Dataset entries:
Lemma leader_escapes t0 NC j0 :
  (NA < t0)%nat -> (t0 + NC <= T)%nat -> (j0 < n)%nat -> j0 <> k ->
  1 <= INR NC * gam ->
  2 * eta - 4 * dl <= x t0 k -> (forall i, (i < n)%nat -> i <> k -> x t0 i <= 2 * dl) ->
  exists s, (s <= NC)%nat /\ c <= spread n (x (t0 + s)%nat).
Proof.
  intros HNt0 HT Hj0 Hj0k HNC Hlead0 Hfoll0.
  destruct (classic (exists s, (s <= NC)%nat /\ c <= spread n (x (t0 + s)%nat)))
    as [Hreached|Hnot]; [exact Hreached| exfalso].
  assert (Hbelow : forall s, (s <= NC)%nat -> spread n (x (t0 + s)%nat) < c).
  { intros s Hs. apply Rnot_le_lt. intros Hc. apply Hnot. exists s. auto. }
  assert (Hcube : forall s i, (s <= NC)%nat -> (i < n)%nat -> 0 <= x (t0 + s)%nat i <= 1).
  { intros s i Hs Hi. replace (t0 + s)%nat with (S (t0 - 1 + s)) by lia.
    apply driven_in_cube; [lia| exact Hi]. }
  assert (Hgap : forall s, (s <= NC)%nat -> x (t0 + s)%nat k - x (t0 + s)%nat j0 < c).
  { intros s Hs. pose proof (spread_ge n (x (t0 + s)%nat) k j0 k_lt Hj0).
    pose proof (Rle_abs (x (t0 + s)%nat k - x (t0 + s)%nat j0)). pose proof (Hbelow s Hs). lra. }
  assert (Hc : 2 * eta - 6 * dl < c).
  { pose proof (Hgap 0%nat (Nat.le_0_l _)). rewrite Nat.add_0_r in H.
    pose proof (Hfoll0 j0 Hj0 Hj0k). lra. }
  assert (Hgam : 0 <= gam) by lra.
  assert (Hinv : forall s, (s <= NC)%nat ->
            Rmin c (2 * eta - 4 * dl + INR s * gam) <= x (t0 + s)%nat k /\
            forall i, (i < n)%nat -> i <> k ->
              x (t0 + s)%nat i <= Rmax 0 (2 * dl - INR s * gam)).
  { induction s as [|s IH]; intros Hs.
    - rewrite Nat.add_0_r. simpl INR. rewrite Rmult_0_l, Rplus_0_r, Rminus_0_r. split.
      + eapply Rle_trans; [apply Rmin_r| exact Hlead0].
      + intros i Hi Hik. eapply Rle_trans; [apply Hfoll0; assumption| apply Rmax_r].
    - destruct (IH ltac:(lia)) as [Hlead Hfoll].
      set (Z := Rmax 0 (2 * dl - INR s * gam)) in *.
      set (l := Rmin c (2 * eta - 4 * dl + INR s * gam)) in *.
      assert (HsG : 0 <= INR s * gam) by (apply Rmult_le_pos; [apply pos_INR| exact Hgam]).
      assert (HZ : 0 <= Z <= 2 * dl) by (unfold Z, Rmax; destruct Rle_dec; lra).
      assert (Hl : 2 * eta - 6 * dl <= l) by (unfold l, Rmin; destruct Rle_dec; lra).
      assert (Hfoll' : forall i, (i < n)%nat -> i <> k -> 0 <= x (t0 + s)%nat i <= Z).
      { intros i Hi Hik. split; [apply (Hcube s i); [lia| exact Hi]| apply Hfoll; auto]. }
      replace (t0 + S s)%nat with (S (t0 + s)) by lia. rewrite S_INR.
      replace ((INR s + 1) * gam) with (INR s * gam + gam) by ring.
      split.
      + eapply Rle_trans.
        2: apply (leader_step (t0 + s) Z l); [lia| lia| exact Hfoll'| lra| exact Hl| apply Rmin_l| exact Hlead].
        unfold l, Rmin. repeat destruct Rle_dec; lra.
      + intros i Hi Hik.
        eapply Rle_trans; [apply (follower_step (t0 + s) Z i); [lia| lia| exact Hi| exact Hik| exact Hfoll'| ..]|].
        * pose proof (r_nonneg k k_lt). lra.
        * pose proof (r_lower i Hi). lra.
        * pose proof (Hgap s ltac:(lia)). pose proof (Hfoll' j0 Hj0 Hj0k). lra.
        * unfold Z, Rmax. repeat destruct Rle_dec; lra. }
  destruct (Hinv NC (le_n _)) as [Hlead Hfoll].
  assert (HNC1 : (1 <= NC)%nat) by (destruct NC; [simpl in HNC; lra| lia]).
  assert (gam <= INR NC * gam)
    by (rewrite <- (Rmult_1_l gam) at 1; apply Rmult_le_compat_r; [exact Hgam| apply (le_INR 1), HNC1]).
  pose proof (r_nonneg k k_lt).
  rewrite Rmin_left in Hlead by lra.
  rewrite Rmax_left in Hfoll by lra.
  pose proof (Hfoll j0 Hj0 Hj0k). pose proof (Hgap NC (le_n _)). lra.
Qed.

**Assignment:** In the data above, find the line with "(t0 + s)%nat)." and the line with "as [Hreached|Hnot]; [exact". Retype both, plus every line between them, exactly.

**Solution for this task:**
  exists s, (s <= NC)%nat /\ c <= spread n (x (t0 + s)%nat).
Proof.
  intros HNt0 HT Hj0 Hj0k HNC Hlead0 Hfoll0.
  destruct (classic (exists s, (s <= NC)%nat /\ c <= spread n (x (t0 + s)%nat)))
    as [Hreached|Hnot]; [exact Hreached| exfalso].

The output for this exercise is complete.